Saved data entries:
·····
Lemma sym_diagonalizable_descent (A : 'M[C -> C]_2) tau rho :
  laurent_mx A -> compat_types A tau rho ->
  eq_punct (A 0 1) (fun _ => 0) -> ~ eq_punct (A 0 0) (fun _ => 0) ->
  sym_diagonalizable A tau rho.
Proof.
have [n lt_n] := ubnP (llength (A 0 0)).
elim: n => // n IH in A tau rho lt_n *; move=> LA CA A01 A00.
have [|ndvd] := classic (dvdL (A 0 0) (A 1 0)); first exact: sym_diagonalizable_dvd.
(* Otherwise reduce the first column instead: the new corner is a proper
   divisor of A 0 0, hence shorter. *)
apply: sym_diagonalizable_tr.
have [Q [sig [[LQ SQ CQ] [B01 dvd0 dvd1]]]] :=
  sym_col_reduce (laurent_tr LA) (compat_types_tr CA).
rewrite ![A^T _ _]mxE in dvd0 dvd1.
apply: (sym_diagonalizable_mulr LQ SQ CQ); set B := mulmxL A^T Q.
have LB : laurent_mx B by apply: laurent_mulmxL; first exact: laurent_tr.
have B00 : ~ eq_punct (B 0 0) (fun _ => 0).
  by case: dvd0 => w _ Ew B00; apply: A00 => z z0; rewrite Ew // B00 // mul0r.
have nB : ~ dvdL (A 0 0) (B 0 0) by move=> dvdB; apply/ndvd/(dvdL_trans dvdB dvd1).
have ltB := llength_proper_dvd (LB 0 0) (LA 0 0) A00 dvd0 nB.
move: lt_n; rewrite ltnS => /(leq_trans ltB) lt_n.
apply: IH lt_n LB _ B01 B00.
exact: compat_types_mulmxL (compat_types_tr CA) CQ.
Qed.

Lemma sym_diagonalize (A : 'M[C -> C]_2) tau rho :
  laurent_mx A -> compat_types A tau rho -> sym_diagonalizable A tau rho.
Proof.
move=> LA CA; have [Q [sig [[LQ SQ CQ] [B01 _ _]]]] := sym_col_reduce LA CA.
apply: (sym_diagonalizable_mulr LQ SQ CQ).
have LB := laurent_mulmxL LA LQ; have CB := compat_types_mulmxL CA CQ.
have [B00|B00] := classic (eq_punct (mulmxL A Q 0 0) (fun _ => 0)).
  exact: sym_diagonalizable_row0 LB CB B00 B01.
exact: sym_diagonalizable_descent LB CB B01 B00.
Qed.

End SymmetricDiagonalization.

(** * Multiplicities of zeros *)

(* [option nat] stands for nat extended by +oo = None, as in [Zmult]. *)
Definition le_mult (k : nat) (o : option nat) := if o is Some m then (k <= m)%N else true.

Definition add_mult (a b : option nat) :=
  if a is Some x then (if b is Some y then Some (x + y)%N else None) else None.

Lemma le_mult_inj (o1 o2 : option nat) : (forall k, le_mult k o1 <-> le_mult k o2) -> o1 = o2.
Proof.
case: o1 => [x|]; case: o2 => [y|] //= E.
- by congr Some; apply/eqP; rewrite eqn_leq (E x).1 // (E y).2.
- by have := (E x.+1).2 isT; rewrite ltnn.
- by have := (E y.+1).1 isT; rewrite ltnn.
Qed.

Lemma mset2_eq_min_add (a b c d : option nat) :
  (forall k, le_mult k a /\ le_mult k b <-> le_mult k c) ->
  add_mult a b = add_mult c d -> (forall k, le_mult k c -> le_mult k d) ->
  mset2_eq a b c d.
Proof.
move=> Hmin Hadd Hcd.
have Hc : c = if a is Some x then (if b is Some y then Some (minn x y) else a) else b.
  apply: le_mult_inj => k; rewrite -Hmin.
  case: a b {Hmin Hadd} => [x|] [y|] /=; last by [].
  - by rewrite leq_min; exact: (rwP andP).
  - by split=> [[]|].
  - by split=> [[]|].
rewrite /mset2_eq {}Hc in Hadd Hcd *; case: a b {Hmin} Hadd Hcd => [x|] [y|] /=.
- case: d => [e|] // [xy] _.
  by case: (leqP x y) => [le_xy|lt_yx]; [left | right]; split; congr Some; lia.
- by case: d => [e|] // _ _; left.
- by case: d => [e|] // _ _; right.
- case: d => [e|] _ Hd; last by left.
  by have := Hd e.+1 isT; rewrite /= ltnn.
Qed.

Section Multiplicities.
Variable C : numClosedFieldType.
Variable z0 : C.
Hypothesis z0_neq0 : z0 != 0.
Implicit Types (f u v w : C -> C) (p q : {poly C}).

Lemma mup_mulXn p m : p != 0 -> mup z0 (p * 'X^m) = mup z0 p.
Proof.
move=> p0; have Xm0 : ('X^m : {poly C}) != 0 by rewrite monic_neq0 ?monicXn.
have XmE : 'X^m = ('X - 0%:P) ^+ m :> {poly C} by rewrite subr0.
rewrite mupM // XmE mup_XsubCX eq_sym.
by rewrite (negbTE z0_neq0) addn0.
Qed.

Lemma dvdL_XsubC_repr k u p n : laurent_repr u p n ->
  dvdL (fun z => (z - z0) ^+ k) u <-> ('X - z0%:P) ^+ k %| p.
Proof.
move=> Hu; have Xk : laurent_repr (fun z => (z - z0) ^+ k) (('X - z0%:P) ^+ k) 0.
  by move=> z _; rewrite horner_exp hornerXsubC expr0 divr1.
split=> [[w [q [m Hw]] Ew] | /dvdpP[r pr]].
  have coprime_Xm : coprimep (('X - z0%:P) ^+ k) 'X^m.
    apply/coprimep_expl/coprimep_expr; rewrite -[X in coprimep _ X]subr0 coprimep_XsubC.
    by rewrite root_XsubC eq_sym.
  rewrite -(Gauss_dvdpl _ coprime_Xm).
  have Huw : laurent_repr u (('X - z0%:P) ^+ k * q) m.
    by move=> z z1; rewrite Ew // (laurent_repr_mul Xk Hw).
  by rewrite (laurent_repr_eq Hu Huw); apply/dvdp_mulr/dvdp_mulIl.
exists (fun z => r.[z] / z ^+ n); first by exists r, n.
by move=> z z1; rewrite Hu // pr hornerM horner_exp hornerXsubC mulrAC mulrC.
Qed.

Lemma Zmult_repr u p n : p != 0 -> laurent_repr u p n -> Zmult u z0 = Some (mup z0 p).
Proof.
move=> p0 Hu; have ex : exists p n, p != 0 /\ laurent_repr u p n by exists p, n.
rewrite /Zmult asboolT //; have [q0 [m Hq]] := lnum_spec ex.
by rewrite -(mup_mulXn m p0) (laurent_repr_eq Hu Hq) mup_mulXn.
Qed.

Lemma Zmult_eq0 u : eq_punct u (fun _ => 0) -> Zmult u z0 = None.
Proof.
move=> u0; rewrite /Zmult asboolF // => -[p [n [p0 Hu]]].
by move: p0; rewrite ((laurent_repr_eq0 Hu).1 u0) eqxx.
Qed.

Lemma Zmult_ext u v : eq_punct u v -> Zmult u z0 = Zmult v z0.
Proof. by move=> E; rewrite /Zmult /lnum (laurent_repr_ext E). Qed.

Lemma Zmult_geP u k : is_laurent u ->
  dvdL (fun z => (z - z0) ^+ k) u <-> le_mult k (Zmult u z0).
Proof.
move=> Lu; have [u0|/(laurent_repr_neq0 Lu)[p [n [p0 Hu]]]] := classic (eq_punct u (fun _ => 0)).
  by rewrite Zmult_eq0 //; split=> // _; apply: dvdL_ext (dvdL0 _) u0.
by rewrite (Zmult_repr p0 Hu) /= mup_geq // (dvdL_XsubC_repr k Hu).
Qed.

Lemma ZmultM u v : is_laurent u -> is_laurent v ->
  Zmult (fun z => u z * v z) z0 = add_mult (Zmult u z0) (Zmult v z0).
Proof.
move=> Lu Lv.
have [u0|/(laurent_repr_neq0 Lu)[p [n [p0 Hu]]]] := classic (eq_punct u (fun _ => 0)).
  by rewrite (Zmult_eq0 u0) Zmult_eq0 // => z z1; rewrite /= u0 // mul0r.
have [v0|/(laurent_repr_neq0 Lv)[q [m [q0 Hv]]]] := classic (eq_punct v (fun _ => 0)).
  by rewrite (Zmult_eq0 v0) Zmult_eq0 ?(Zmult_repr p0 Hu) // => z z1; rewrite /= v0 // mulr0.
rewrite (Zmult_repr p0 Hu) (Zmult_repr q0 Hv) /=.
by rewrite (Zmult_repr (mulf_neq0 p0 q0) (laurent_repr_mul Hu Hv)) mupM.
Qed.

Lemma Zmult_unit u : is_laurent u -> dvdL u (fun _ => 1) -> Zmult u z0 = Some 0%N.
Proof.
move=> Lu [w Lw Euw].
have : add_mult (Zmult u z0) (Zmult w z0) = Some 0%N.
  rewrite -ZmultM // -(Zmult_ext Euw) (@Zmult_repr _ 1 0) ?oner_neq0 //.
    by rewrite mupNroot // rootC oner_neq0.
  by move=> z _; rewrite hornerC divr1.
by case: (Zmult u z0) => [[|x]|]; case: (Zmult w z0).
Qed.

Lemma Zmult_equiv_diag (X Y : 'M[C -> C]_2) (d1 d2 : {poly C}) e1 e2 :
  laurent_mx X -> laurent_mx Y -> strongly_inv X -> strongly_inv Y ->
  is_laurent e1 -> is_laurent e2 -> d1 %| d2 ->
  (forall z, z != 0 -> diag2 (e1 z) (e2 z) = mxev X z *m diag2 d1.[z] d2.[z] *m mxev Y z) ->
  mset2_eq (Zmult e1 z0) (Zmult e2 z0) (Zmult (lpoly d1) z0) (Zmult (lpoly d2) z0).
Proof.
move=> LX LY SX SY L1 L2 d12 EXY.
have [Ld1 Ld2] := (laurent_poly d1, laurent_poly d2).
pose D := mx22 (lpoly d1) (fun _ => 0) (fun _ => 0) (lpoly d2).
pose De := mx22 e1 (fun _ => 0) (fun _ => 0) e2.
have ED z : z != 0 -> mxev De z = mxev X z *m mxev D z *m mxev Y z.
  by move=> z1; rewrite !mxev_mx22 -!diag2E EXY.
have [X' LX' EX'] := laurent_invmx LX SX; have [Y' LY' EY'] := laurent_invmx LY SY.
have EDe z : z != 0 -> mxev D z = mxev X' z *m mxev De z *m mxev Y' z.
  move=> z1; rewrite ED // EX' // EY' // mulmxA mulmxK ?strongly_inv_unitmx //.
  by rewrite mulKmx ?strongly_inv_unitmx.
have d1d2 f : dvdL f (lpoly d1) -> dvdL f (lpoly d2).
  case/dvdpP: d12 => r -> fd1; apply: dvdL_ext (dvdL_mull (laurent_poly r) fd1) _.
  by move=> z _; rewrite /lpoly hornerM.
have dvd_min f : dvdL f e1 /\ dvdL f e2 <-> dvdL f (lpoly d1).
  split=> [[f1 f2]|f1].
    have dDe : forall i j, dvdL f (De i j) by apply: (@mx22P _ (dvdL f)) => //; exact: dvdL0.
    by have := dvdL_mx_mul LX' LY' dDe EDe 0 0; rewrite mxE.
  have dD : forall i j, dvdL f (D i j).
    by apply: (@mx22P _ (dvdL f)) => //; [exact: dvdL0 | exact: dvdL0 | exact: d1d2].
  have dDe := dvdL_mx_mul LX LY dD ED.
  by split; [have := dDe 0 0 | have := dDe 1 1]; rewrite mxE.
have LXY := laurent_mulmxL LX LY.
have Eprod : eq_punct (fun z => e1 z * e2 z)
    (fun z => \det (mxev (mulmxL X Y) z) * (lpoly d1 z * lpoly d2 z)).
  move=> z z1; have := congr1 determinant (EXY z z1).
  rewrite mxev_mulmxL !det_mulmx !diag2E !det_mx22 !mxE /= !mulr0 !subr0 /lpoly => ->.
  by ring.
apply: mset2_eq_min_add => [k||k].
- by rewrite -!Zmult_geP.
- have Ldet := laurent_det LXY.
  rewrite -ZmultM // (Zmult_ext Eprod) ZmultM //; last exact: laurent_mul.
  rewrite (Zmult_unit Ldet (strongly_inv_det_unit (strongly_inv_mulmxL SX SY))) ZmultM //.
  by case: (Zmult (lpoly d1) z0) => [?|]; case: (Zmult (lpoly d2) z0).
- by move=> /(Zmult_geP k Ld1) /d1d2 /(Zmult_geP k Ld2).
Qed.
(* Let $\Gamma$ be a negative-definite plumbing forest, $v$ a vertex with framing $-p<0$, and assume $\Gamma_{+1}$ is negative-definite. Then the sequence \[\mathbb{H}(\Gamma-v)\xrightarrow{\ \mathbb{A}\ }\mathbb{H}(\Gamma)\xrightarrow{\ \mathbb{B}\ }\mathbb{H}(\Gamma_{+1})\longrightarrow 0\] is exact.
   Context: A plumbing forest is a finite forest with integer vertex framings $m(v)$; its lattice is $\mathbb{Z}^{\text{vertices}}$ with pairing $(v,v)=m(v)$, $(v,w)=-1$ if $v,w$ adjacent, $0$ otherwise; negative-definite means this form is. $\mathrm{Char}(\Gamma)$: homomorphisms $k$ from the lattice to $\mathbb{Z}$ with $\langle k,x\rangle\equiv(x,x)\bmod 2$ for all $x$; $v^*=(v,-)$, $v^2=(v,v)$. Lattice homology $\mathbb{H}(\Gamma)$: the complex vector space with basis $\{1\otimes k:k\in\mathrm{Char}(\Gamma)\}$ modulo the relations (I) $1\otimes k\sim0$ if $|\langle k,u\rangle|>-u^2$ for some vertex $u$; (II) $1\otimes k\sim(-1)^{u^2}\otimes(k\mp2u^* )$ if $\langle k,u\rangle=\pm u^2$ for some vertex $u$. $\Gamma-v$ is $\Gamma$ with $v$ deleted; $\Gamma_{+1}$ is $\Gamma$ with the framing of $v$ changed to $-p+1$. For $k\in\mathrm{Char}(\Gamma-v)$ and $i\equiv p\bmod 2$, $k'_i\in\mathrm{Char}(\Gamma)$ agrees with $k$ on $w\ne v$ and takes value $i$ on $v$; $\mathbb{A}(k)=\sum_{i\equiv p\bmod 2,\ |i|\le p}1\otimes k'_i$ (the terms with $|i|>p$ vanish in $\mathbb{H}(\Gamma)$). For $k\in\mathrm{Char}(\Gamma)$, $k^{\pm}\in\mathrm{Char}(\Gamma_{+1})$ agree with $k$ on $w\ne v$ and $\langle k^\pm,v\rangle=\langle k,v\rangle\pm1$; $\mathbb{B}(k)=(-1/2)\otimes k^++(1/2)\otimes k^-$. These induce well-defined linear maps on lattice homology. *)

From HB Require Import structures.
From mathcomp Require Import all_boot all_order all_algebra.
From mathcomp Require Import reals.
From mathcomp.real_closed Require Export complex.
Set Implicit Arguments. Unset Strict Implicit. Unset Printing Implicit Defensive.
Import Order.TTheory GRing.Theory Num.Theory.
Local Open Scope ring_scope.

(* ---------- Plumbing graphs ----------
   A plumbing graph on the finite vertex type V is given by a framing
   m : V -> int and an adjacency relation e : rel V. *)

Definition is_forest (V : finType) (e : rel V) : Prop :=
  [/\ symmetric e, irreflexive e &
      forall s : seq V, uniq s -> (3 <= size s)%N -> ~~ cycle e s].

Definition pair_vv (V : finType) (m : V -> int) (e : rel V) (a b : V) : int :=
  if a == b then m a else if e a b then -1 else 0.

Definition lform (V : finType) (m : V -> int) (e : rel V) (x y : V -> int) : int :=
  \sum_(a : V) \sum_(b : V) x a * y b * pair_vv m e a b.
·····
PROBLEM: Up to and including the line with "- by congr Some;", transcribe the entries above exactly, starting from their first line.

COMPLETED TASK:
Lemma sym_diagonalizable_descent (A : 'M[C -> C]_2) tau rho :
  laurent_mx A -> compat_types A tau rho ->
  eq_punct (A 0 1) (fun _ => 0) -> ~ eq_punct (A 0 0) (fun _ => 0) ->
  sym_diagonalizable A tau rho.
Proof.
have [n lt_n] := ubnP (llength (A 0 0)).
elim: n => // n IH in A tau rho lt_n *; move=> LA CA A01 A00.
have [|ndvd] := classic (dvdL (A 0 0) (A 1 0)); first exact: sym_diagonalizable_dvd.
(* Otherwise reduce the first column instead: the new corner is a proper
   divisor of A 0 0, hence shorter. *)
apply: sym_diagonalizable_tr.
have [Q [sig [[LQ SQ CQ] [B01 dvd0 dvd1]]]] :=
  sym_col_reduce (laurent_tr LA) (compat_types_tr CA).
rewrite ![A^T _ _]mxE in dvd0 dvd1.
apply: (sym_diagonalizable_mulr LQ SQ CQ); set B := mulmxL A^T Q.
have LB : laurent_mx B by apply: laurent_mulmxL; first exact: laurent_tr.
have B00 : ~ eq_punct (B 0 0) (fun _ => 0).
  by case: dvd0 => w _ Ew B00; apply: A00 => z z0; rewrite Ew // B00 // mul0r.
have nB : ~ dvdL (A 0 0) (B 0 0) by move=> dvdB; apply/ndvd/(dvdL_trans dvdB dvd1).
have ltB := llength_proper_dvd (LB 0 0) (LA 0 0) A00 dvd0 nB.
move: lt_n; rewrite ltnS => /(leq_trans ltB) lt_n.
apply: IH lt_n LB _ B01 B00.
exact: compat_types_mulmxL (compat_types_tr CA) CQ.
Qed.

Lemma sym_diagonalize (A : 'M[C -> C]_2) tau rho :
  laurent_mx A -> compat_types A tau rho -> sym_diagonalizable A tau rho.
Proof.
move=> LA CA; have [Q [sig [[LQ SQ CQ] [B01 _ _]]]] := sym_col_reduce LA CA.
apply: (sym_diagonalizable_mulr LQ SQ CQ).
have LB := laurent_mulmxL LA LQ; have CB := compat_types_mulmxL CA CQ.
have [B00|B00] := classic (eq_punct (mulmxL A Q 0 0) (fun _ => 0)).
  exact: sym_diagonalizable_row0 LB CB B00 B01.
exact: sym_diagonalizable_descent LB CB B01 B00.
Qed.

End SymmetricDiagonalization.

(** * Multiplicities of zeros *)

(* [option nat] stands for nat extended by +oo = None, as in [Zmult]. *)
Definition le_mult (k : nat) (o : option nat) := if o is Some m then (k <= m)%N else true.

Definition add_mult (a b : option nat) :=
  if a is Some x then (if b is Some y then Some (x + y)%N else None) else None.

Lemma le_mult_inj (o1 o2 : option nat) : (forall k, le_mult k o1 <-> le_mult k o2) -> o1 = o2.
Proof.
case: o1 => [x|]; case: o2 => [y|] //= E.
- by congr Some; apply/eqP; rewrite eqn_leq (E x).1 // (E y).2.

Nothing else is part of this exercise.